Metric cardinality explosion

If you add labels like user_id or request_id to your Prometheus counters, you’ll create a new time series for every unique value. Prometheus will eat your RAM and eventually crash. Stick to low-cardinality labels: model_name, endpoint, direction. If you need per-user tracking, push that to a separate system like BigQuery or ClickHouse.
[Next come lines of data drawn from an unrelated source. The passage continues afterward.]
Lemma fin_num_integrable (f : T -> \bar R) : measurable_fun [set: T] f ->
  (\int[mu]_x f x \is a fin_num)%E -> mu.-integrable [set: T] f.
Proof.
move=> mf; rewrite integralE fin_numB => /andP[hp hn].
apply/integrableP; split => //.
rewrite (_ : (fun x => `|f x|%E) = (f^\+ \+ f^\-)%E); last exact: fune_abse.
rewrite ge0_integralD //; last 2 first.
- exact: measurable_funepos.
- exact: measurable_funeneg.
by rewrite ltey_eq fin_numD hp hn.
Qed.

End integrable_fin_num.

Section expectation_extra.
Context d (T : measurableType d) (R : realType) (P : probability T R).
Local Open Scope ereal_scope.

Lemma fin_expectation_Lfun1 (f : T -> R) : measurable_fun [set: T] f ->
  'E_P[f] \is a fin_num -> f \in Lfun P 1.
Proof.
move=> mf; rewrite unlock => hf.
by apply/Lfun1_integrable/fin_num_integrable => //; exact/measurable_EFinP.
Qed.

Lemma ae_eq_expectation (f g : T -> R) :
  measurable_fun [set: T] f -> measurable_fun [set: T] g ->
  {ae P, forall x, f x = g x} -> 'E_P[f] = 'E_P[g].
Proof.
move=> mf mg fg; rewrite unlock; apply: ae_eq_integral => //.
- exact/measurable_EFinP.
- exact/measurable_EFinP.
- by apply: filterS fg => x ->.
Qed.

Lemma le_expectation (f g : T -> R) : f \in Lfun P 1 -> g \in Lfun P 1 ->
  (forall x, (f x <= g x)%R) -> 'E_P[f] <= 'E_P[g].
Proof.
move=> /Lfun1_integrable intf /Lfun1_integrable intg fg.
by rewrite unlock; apply: le_integral => // x _; rewrite lee_fin.
Qed.

Lemma ge0_expectation_conv (f g : T -> R) (l : R) :
  measurable_fun [set: T] f -> measurable_fun [set: T] g ->
  (forall x, 0 <= f x)%R -> (forall x, 0 <= g x)%R -> (0 <= l <= 1)%R ->
  'E_P[l \o* f \+ (1 - l) \o* g] = l%:E * 'E_P[f] + (1 - l)%:E * 'E_P[g].
Proof.
move=> mf mg f0 g0 /andP[l0 l1]; have l'0 : (0 <= 1 - l)%R by rewrite subr_ge0.
have mfE : measurable_fun [set: T] (EFin \o f) by exact/measurable_EFinP.
have mgE : measurable_fun [set: T] (EFin \o g) by exact/measurable_EFinP.
rewrite unlock; under eq_integral do rewrite /= EFinD !EFinM.
rewrite ge0_integralD //; last 4 first.
- by move=> x _; rewrite -EFinM lee_fin mulr_ge0.
- exact: emeasurable_funM.
- by move=> x _; rewrite -EFinM lee_fin mulr_ge0.
- exact: emeasurable_funM.
rewrite !ge0_integralZr // => [|x _|x _]; rewrite ?lee_fin //.
by rewrite muleC [X in _ + X]muleC.
Qed.

End expectation_extra.

Section wealth.
Context d (T : measurableType d) (R : realType) (P : probability T R).
Implicit Types (c : T -> R) (r u t : R).

Definition wealth c u t x := c x / u * t - t + 1.

(* Nonpositive values of [wealth] are replaced by 1, so that [ln] and [^-1]
   behave; at a solution of the system this changes [wealth] only on a null set. *)
Definition pos_wealth c u t x := if 0 < wealth c u t x then wealth c u t x else 1.

Lemma pos_wealth_gt0 c u t x : 0 < pos_wealth c u t x.
Proof. by rewrite /pos_wealth; case: ifP. Qed.

Section measurability.
Variables (c : T -> R) (u t : R).
Hypothesis mc : measurable_fun [set: T] c.
Inductive sc (defs : const_env) : proc -> proc -> Prop :=
| sc_refl P : sc defs P P
| sc_sym P Q : sc defs P Q -> sc defs Q P
| sc_trans P Q R : sc defs P Q -> sc defs Q R -> sc defs P R
| sc_in a xs P P' : sc defs P P' -> sc defs (PIn a xs P) (PIn a xs P')
| sc_out a bs P P' : sc defs P P' -> sc defs (POut a bs P) (POut a bs P')
| sc_nu x P P' : sc defs P P' -> sc defs (PNu x P) (PNu x P')
| sc_par_l P P' Q : sc defs P P' -> sc defs (PPar P Q) (PPar P' Q)
| sc_par_r P Q Q' : sc defs Q Q' -> sc defs (PPar P Q) (PPar P Q')
| sc_rep a xs P P' : sc defs P P' -> sc defs (PRep a xs P) (PRep a xs P')
| sc_app xs P P' bs : sc defs P P' -> sc defs (PApp xs P bs) (PApp xs P' bs)
| sc_alpha_nu x y P :
    sort_of y = sort_of x -> ~ In y (fn (PNu x P)) ->
    sc defs (PNu x P) (PNu y (subst [(x, y)] P))
| sc_alpha_in a xs ys P :
    NoDup ys -> map sort_of ys = map sort_of xs ->
    (forall y, In y ys -> ~ In y (fn (PIn a xs P))) ->
    sc defs (PIn a xs P) (PIn a ys (subst (combine xs ys) P))
| sc_alpha_rep a xs ys P :
    NoDup ys -> map sort_of ys = map sort_of xs ->
    (forall y, In y ys -> ~ In y (fn (PRep a xs P))) ->
    sc defs (PRep a xs P) (PRep a ys (subst (combine xs ys) P))
| sc_alpha_app xs ys P bs :
    NoDup ys -> map sort_of ys = map sort_of xs ->
    (forall y, In y ys -> ~ In y (fn (PApp xs P []))) ->
    sc defs (PApp xs P bs) (PApp ys (subst (combine xs ys) P) bs)
| sc_par_nil P : sc defs (PPar P PNil) P
| sc_par_comm P Q : sc defs (PPar P Q) (PPar Q P)
| sc_par_assoc P Q R : sc defs (PPar (PPar P Q) R) (PPar P (PPar Q R))
| sc_nu_nil x : sc defs (PNu x PNil) PNil
| sc_nu_swap x y P : sc defs (PNu x (PNu y P)) (PNu y (PNu x P))
| sc_nu_par x P Q : ~ In x (fn P) -> sc defs (PNu x (PPar P Q)) (PPar P (PNu x Q))
| sc_rep_unfold a xs P : sc defs (PRep a xs P) (PPar (PIn a xs P) (PRep a xs P))
| sc_beta xs P bs :
    length xs = length bs -> sc defs (PApp xs P bs) (subst (combine xs bs) P)
| sc_const k bs :
    length (fst (defs k)) = length bs ->
    sc defs (PConst k bs) (subst (combine (fst (defs k)) bs) (snd (defs k))).

Inductive red (defs : const_env) : proc -> proc -> Prop :=
| red_comm a xs bs P Q :
    length xs = length bs ->
    red defs (PPar (PIn a xs P) (POut a bs Q)) (PPar (subst (combine xs bs) P) Q)
| red_par P P' Q : red defs P P' -> red defs (PPar P Q) (PPar P' Q)
| red_nu x P P' : red defs P P' -> red defs (PNu x P) (PNu x P')
| red_struct P P' Q Q' :
    sc defs P P' -> red defs P' Q' -> sc defs Q' Q -> red defs P Q.

Definition wred (defs : const_env) : relation proc := clos_refl_trans proc (red defs).

Fixpoint nus (xs : list name) (P : proc) : proc :=
  match xs with [] => P | x :: xs' => PNu x (nus xs' P) end.

Definition barb (defs : const_env) (P : proc) (a : name) : Prop :=
  exists xs bs Q R, sc defs P (nus xs (PPar (POut a bs Q) R)) /\ ~ In a xs.
(* Let $G$ be a graph on $n$ vertices with $\mu(G)<\delta(G)$. Then $n\ge 2\delta(G)-3$. If moreover $n=2\delta(G)-3$, then $\mu(G)=\delta(G)-1$.
   Context: All graphs are finite and simple; $\delta(G)$ is the minimum degree. For a graph $G=(V,E)$ on $n$ vertices, a fractional vertex cover is a function $f:V\to[0,\infty)$ with $f(u)+f(v)\ge 1$ for every edge $uv\in E$; $\tau^*(G)$ denotes the minimum of $\sum_{v\in V}f(v)$ over all fractional vertex covers. For $E'\subseteq E$ let $G-E'=(V,E\setminus E')$. Define $\mu(G)=\min\{|E'| : E'\subseteq E,\ \tau^*(G-E')<n/2\}$. *)

From mathcomp Require Import all_boot all_order all_algebra.
From mathcomp Require Import classical_sets reals.
Set Implicit Arguments. Unset Strict Implicit. Unset Printing Implicit Defensive.
Import Order.TTheory GRing.Theory Num.Theory.

(* A finite simple graph is a symmetric irreflexive relation e on a finType T
   (hypotheses are in the theorem).  Edges are unordered pairs {u,v}. *)
Definition edges (T : finType) (e : rel T) : {set {set T}} :=
  [set [set p.1; p.2] | p in [set p : T * T | e p.1 p.2]].

Definition del_edges (T : finType) (e : rel T) (E' : {set {set T}}) : rel T :=
  fun u v => e u v && ([set u; v] \notin E').

Definition degree (T : finType) (e : rel T) (v : T) : nat := #|[set u | e v u]|.

(* minimum degree (equals 0 for the empty vertex set, which never matters) *)
Definition min_degree (T : finType) (e : rel T) : nat :=
  \big[minn/#|T|]_(v : T) degree e v.

Local Open Scope ring_scope.

Definition frac_cover (R : realType) (T : finType) (e : rel T) (f : T -> R) :=
  (forall v, 0 <= f v) /\ (forall u v, e u v -> 1 <= f u + f v).

Definition tau_star (R : realType) (T : finType) (e : rel T) : R :=
  inf [set s : R | exists f : T -> R, frac_cover e f /\ s = \sum_(v : T) f v].

Definition is_mu (R : realType) (T : finType) (e : rel T) (m : nat) : Prop :=
  (exists E' : {set {set T}}, E' \subset edges e /\ #|E'| = m /\
      tau_star R (del_edges e E') < (#|T|%:R / 2)) /\
  (forall E' : {set {set T}}, E' \subset edges e ->
      tau_star R (del_edges e E') < (#|T|%:R / 2) -> (m <= #|E'|)%N).

(* Fix E' with |E'| = m < d and tau*(G - E') < n/2, and a fractional cover f of
   G - E' of weight < n/2.  As the values f v - 1/2 have negative sum, some level
   c > 0 has more vertices in I = {f <= 1/2 - c} than in N = {f >= 1/2 + c}.  An
   edge of G from I to a vertex outside N is not covered by f, so it lies in E'.
   Every v in I has at least x = d - |N| such neighbours, at most |I| - 1 of them
   in I, hence at least x - |I| + 1 outside I and N.  Counting E' from I gives
   |I| (x + (x - |I| + 1)) <= 2m, counting vertices gives
   n >= |I| + |N| + (x - |I| + 1), and with |N| < |I| and m < d these force
   n >= 2d - 3, with equality only when m = d - 1. *)

(* Loaded before finset so that finset's subsetP, set0 and setT take precedence. *)
From mathcomp Require Import classical_sets reals.
From mathcomp Require Import all_boot all_order all_algebra.
From mathcomp Require Import zify lra.
Set Implicit Arguments. Unset Strict Implicit. Unset Printing Implicit Defensive.
Import Order.TTheory GRing.Theory Num.Theory.

Lemma cut_bound_arith (n d m k s : nat) : s < k -> k + s + (d - s - k.-1) <= n ->
  k * ((d - s) + (d - s - k.-1)) <= 2 * m -> m < d ->
  2 * d <= n + 3 /\ (n + 3 = 2 * d -> m = d.-1).
Proof.
move=> lt_sk le_n le_m lt_md.
have [|lt_sd] := leqP d s; first by lia.
have [le_kx|lt_xk] := leqP k (d - s); first by nia.
have excess0 : d - s - k.-1 = 0 by lia.
rewrite excess0 addn0 in le_m le_n.
have [|lt2x] := leqP (d - s) 2; first by nia.
have : 3 * k + 2 * (d - s) <= k * (d - s) + 6. (* (k - 2) (d - s - 3) >= 0 *)
  have -> : k = (k - 3) + 3 by lia.
  have -> : d - s = (d - s - 3) + 3 by lia.
  nia.
lia.
Qed.

Lemma card_sepD1 (T : finType) (A : {set T}) (P : pred T) (v : T) : v \in A ->
  #|[set x in A | P x]| = P v + #|[set x in A :\ v | P x]|.
Proof.
move=> vA; rewrite (cardsD1 v) !inE vA /=.
by congr (_ + _); apply: eq_card => x; rewrite !inE andbA.
Qed.

Lemma card_dep_pairs (T : finType) (A : {set T}) (Q : T -> T -> bool) :
  #|[set p : T * T | (p.1 \in A) && Q p.1 p.2]| = \sum_(x in A) #|[set y | Q x y]|.
Proof.
under eq_bigr do rewrite -sum1dep_card.
by rewrite pair_big_dep sum1dep_card.
Qed.

Lemma set2_eq_pair (T : finType) (x y a b : T) : x != y ->
  [set x; y] = [set a; b] -> (x, y) = (a, b) \/ (x, y) = (b, a).
Proof.
move=> + eq_xy_ab.
have : x \in [set a; b] by rewrite -eq_xy_ab set21.
have : y \in [set a; b] by rewrite -eq_xy_ab set22.
by rewrite !inE => /orP[]/eqP-> /orP[]/eqP->; rewrite ?eqxx //; [right | left].
Qed.

Lemma card_orientations_le (T : finType) (E : {set {set T}}) :
  #|[set p : T * T | (p.1 != p.2) && ([set p.1; p.2] \in E)]| <= 2 * #|E|.
Proof.
rewrite -sum1dep_card (partition_big (fun p => [set p.1; p.2]) (mem E)) => [|p /andP[] //].
rewrite mulnC -sum_nat_const; apply: leq_sum => eps _.
rewrite sum1dep_card; set fibre := [set x | _].
have [-> | [[a b]]] := set_0Vmem fibre; first by rewrite cards0.
rewrite inE /= => /andP[/andP[neq_ab _] /eqP eq_ab].
apply: leq_trans (_ : #|[set (a, b); (b, a)]| <= 2); last by rewrite cards2 ltnS leq_b1.
apply/subset_leq_card/subsetP => -[x y]; rewrite !inE /= => /andP[/andP[neq_xy _] /eqP eq_xy].
have [[-> ->] | [-> ->]] := set2_eq_pair neq_xy (etrans eq_xy (esym eq_ab)).
  by rewrite eqxx.
by rewrite eqxx orbT.
Qed.

Lemma min_degree_le (T : finType) (e : rel T) v : min_degree e <= degree e v.
Proof. by rewrite /min_degree -minEnat -leEnat bigmin_le. Qed.

Section Cut.

Variables (T : finType) (e : rel T).
Hypothesis e_irr : irreflexive e.
Variables (E : {set {set T}}) (I N : {set T}).
Hypothesis disj_IN : [disjoint I & N].
Hypothesis cut_I : forall v u, v \in I -> u \notin N -> e v u -> [set v; u] \in E.

Let O := ~: (I :|: N).

Lemma degree_le_cut v : degree e v <= #|N| + #|[set u | (u \notin N) && e v u]|.
Proof.
apply: leq_trans (leq_card_setU N _); apply/subset_leq_card/subsetP => u.
by rewrite !inE; case: (u \in N).
Qed.

Lemma card_cut_nbrs_le v : v \in I ->
  #|[set u | (u \notin N) && e v u]| <= #|I|.-1 + #|[set u in O | e v u]|.
Proof.
move=> vI; rewrite (cardsD1 v I) vI add1n /=.
apply: leq_trans (leq_card_setU (I :\ v) _); apply/subset_leq_card/subsetP => u.
rewrite !inE => /andP[uN evu]; rewrite evu (negbTE uN) andbT orbF.
case: (u \in I); rewrite /= ?andbT ?andbF ?orbF //.
by apply: contraTneq _ evu => ->; rewrite e_irr.
Qed.

Lemma card_outside_nbrs_le v : #|I| + #|N| + #|[set u in O | e v u]| <= #|T|.
Proof.
rewrite -(cardsC (I :|: N)) cardsU (disjoint_setI0 disj_IN) cards0 subn0 leq_add2l.
by apply/subset_leq_card/subsetP => u; rewrite inE => /andP[].
Qed.

Lemma sum_cut_nbrs_le :
  \sum_(v in I) (#|[set u | (u \notin N) && e v u]| + #|[set u in O | e v u]|) <= 2 * #|E|.
Proof.
(* P counts the E-edges at their end in I; the preimage of Q counts the edges
   between I and O a second time, at their end in O. *)
pose P := [set p : T * T | (p.1 \in I) && ((p.2 \notin N) && e p.1 p.2)].
pose Q := [set p : T * T | (p.1 \in I) && ((p.2 \in O) && e p.1 p.2)].
have disj_PQ : [disjoint P & swap_pair @^-1: Q].
  rewrite -setI_eq0; apply/eqP/setP => -[x y]; rewrite !inE /=.
  by case: (x \in I); rewrite /= ?andbF.
have sub_PQ : P :|: swap_pair @^-1: Q \subset
    [set p : T * T | (p.1 != p.2) && ([set p.1; p.2] \in E)].
  apply/subsetP => -[x y]; rewrite !inE /= => /orP[/and3P[xI yN exy] | /and3P[yI xO eyx]].
    by rewrite cut_I // andbT; apply: contraTneq exy => ->; rewrite e_irr.
  rewrite setUC cut_I ?andbT //; last by move: xO; rewrite negb_or => /andP[].
  by apply: contraTneq eyx => ->; rewrite e_irr.
apply: leq_trans (card_orientations_le E).
rewrite big_split /= -!card_dep_pairs -(card_preimset Q (can_inj swap_pairK)).
rewrite -(geq_leqif (leq_card_setU P _)) in disj_PQ.
exact: leq_trans disj_PQ (subset_leq_card sub_PQ).
Qed.

Lemma cut_min_degree_bound : #|N| < #|I| -> #|E| < min_degree e ->
  2 * min_degree e <= #|T| + 3 /\ (#|T| + 3 = 2 * min_degree e -> #|E| = (min_degree e).-1).
Proof.
move=> lt_NI lt_Ed.
have [v0 v0I] : exists v, v \in I by apply/card_gt0P; apply: leq_ltn_trans lt_NI.
apply: (cut_bound_arith lt_NI _ _ lt_Ed).
  have := min_degree_le e v0; have := degree_le_cut v0.
  have := card_cut_nbrs_le v0I; have := card_outside_nbrs_le v0; lia.
apply: leq_trans sum_cut_nbrs_le; rewrite -sum_nat_const; apply: leq_sum => v vI.
have := min_degree_le e v; have := degree_le_cut v; have := card_cut_nbrs_le vI; lia.
Qed.

End Cut.

Section FractionalCover.

Local Open Scope ring_scope.

Lemma sum_lt0_level (R : realDomainType) (T : finType) (h : T -> R) (A : {set T}) :
  \sum_(x in A) h x < 0 -> exists2 c : R, 0 < c &
    (#|[set x in A | (c <= h x)%R]| < #|[set x in A | (h x <= - c)%R]|)%N.
Proof.
have [N] := ubnP #|A|; elim: N A => // N IH A /ltnSE le_AN sum_lt0.
have [v vA v_min] : exists2 v, v \in A & forall x, x \in A -> h v <= h x.
  have [v0 v0A] : exists v, v \in A.
    by apply/set0Pn; apply: contraTneq sum_lt0 => ->; rewrite big_set0 ltxx.
  by case: (arg_minP h v0A) => v; exists v.
have hv_lt0 : h v < 0.
  rewrite ltNge; apply: contraTN sum_lt0 => hv_ge0; rewrite -leNgt.
  by apply: sumr_ge0 => x /v_min; apply: le_trans.
pose a := - h v.
have [|le_below_above] := ltnP #|[set x in A | a <= h x]| #|[set x in A | h x <= - a]|.
  by exists a; rewrite // oppr_gt0.
(* Otherwise pair the minimum v with some w at level >= -h v and recurse without them. *)
have [w wA a_le_hw] : exists2 w, w \in A & a <= h w.
  have : (0 < #|[set x in A | (a <= h x)%R]|)%N.
    by apply: leq_trans le_below_above; rewrite (card_sepD1 _ vA) /a opprK lexx.
  by case/card_gt0P => w; rewrite inE => /andP[]; exists w.
have wAv : w \in A :\ v.
  by rewrite !inE wA andbT; apply: contraTneq a_le_hw => ->; rewrite -ltNge /a; lra.
have card_lt : (#|A :\ v :\ w| < N)%N.
  by apply: leq_trans le_AN; rewrite (cardsD1 v A) vA (cardsD1 w (A :\ v)) wAv.
have sum_lt0' : \sum_(x in A :\ v :\ w) h x < 0.
  by move: sum_lt0; rewrite (big_setD1 v vA) (big_setD1 w wAv) /= /a in a_le_hw *; lra.
have [c c_gt0 lt_c] := IH _ card_lt sum_lt0'.
exists c => //.
have [le_ca|lt_ac] := leP c a; last first.
  suff low0 : [set x in A :\ v :\ w | (h x <= - c)%R] = set0.
    by rewrite low0 cards0 ltn0 in lt_c.
  apply/setP => x; rewrite !inE; apply/negP => /andP[/andP[_ /andP[_ xA]] hx].
  by have := v_min x xA; rewrite /a in lt_ac; lra.
rewrite (card_sepD1 _ vA) (card_sepD1 _ wAv) (card_sepD1 (fun x => h x <= - c) vA).
rewrite (card_sepD1 (fun x => h x <= - c) wAv) /=.
have [-> -> -> ->] : [/\ (c <= h v) = false, c <= h w, h v <= - c & (h w <= - c) = false].
  rewrite /a in le_ca a_le_hw.
  by split; [apply: lt_geF | | | apply: lt_geF]; lra.
by rewrite /= !add0n !add1n ltnS.
Qed.

Lemma tau_star_lt_cover (R : realType) (T : finType) (e : rel T) (r : R) :
  tau_star R e < r -> exists2 f : T -> R, frac_cover e f & \sum_v f v < r.
Proof.
case/inf_lt => [|_ [f [f_cover ->]] lt_r]; last by exists f.
exists (\sum_(v : T) 1), (fun=> 1); split=> //; split=> // u v _.
by rewrite ler_wpDl.
Qed.

End FractionalCover.

Theorem lemma25 (R : realType) (T : finType) (e : rel T)
  (e_sym : symmetric e) (e_irr : irreflexive e) (m : nat) :
  is_mu R e m -> (m < min_degree e)%N ->
  (2 * min_degree e <= #|T| + 3)%N /\
  (#|T| + 3 = 2 * min_degree e -> m = (min_degree e).-1)%N.
Proof.
move=> [[E [_ [<- tau_lt]]] _] lt_md.
have [f f_cover sum_lt] := tau_star_lt_cover tau_lt.
pose h v := (f v - 2^-1)%R.
have [|c c_gt0 lt_NI] := @sum_lt0_level R T h setT.
  by rewrite sumrB sumr_const cardsT (eq_bigl xpredT) => [|x]; rewrite ?inE //; lra.
apply: (cut_min_degree_bound e_irr _ _ lt_NI lt_md).
  rewrite -setI_eq0; apply/eqP/setP => x; rewrite !inE /h.
  by apply/negbTE/negP => /andP[]; lra.
move=> v u; rewrite !inE /h => hv hu evu; apply: contraNT hu => vu_notin_E.
by have := f_cover.2 v u; rewrite /del_edges evu vu_notin_E => /(_ isT); lra.
Qed.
Grafana “No data” for Prometheus queries

Usually one of three things:

  1. The datasource URL is wrong. Go to Connections > Data Sources > Prometheus and verify the URL. If both run in Docker, use http://prometheus:9090, not localhost.
  2. The metric name has a _total suffix that Prometheus auto-appended. Try querying model_estimated_cost_dollars_total instead of model_estimated_cost_dollars.
  3. The time range is too narrow. Counters only show data after they’ve been incremented at least once. Send a few test requests first.

GPU utilization reads 0 on CPU machines

The torch.cuda.is_available() guard handles this – on CPU-only boxes the gauge just won’t update. If you want CPU cost tracking, swap in a metric based on time.process_time() instead and adjust the hourly rate to your CPU instance cost.